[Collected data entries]
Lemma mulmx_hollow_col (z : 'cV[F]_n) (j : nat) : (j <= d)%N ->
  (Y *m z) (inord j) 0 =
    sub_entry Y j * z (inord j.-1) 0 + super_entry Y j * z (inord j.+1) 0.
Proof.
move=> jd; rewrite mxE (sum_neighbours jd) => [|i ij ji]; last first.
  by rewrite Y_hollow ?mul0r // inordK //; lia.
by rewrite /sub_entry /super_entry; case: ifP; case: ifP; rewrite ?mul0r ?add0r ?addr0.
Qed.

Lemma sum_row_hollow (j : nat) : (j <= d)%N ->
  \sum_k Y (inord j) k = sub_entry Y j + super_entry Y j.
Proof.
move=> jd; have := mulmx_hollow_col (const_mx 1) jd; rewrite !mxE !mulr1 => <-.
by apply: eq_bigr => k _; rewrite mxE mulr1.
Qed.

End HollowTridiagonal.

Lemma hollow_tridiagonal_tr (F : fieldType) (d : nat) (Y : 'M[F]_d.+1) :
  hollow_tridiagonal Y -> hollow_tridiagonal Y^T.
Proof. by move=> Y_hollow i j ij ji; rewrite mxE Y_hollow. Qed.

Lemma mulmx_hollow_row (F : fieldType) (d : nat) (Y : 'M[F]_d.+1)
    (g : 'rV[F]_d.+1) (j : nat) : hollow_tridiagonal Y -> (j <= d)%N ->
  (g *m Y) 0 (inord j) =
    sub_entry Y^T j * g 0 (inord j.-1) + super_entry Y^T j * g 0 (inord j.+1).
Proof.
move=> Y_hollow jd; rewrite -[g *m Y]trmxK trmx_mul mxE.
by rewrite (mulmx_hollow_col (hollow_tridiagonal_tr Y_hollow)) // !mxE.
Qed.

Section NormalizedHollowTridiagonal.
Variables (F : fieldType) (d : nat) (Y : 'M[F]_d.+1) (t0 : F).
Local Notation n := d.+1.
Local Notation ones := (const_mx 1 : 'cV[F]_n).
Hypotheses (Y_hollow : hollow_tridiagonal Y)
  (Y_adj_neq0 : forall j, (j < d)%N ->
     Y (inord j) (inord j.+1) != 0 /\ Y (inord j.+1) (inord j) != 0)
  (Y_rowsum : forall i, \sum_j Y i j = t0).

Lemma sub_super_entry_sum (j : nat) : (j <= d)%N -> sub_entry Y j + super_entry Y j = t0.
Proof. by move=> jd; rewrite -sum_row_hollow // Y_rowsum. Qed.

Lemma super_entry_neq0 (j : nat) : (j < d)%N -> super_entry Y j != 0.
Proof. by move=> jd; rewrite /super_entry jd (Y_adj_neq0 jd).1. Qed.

--

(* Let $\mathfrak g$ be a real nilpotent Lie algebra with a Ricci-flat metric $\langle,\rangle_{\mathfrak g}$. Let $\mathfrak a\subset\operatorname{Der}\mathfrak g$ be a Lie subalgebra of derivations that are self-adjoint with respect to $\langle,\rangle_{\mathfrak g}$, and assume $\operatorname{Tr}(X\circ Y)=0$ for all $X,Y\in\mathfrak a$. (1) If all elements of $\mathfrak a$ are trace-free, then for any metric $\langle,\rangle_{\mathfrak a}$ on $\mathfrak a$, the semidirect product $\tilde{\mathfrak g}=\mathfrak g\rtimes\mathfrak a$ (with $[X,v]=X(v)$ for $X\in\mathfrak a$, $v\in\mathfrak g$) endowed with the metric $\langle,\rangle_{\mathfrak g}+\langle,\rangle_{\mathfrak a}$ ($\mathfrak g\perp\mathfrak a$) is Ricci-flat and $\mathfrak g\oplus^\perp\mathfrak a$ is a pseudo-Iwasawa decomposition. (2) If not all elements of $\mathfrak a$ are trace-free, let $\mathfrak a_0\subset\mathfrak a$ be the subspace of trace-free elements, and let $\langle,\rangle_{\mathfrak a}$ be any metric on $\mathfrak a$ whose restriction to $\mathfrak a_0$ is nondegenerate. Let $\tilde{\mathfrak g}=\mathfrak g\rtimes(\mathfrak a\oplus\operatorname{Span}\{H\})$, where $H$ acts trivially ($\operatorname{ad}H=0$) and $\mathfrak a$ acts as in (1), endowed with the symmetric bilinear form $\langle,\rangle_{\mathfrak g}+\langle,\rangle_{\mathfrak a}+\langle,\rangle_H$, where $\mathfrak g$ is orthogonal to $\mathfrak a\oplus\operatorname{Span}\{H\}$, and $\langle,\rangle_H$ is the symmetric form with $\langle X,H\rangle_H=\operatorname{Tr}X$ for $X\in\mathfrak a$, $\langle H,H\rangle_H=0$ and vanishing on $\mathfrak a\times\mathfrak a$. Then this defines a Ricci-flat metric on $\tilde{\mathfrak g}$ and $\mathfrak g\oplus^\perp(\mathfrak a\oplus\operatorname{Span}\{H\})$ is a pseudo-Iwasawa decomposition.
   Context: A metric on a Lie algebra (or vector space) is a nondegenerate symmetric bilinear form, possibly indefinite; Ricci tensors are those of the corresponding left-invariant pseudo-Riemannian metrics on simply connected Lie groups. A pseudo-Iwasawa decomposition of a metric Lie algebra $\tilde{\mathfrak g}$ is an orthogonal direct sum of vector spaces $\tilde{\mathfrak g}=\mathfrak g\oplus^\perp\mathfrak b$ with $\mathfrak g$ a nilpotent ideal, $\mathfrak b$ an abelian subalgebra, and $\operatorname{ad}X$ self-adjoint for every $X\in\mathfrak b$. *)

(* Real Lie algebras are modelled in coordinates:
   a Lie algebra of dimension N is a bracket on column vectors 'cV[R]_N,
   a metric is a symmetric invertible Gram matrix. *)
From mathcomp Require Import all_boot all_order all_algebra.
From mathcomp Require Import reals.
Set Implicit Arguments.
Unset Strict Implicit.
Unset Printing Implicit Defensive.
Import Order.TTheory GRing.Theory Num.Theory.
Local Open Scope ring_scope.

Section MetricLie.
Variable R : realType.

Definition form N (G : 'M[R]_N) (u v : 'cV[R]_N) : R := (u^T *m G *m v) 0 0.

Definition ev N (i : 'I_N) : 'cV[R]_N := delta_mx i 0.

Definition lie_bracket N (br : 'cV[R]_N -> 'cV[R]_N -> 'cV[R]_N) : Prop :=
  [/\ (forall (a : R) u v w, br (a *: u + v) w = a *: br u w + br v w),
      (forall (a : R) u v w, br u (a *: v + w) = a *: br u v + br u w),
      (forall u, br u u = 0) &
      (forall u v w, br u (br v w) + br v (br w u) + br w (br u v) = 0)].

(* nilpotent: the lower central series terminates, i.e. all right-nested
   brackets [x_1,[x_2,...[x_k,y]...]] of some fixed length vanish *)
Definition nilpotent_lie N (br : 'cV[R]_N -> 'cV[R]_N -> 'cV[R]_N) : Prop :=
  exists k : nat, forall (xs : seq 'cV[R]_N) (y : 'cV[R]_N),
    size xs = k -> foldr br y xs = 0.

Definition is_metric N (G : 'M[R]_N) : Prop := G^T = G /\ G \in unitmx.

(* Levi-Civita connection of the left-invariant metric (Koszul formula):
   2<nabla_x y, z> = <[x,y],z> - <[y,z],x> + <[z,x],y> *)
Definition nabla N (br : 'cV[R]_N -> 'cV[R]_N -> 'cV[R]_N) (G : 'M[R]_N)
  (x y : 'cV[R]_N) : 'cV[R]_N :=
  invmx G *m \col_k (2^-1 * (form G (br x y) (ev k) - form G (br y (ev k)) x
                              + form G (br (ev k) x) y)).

# What this task involves:
If a line in the entries contains "Prop", copy it.

# Reply:
Definition lie_bracket N (br : 'cV[R]_N -> 'cV[R]_N -> 'cV[R]_N) : Prop :=
Definition nilpotent_lie N (br : 'cV[R]_N -> 'cV[R]_N -> 'cV[R]_N) : Prop :=
Definition is_metric N (G : 'M[R]_N) : Prop := G^T = G /\ G \in unitmx.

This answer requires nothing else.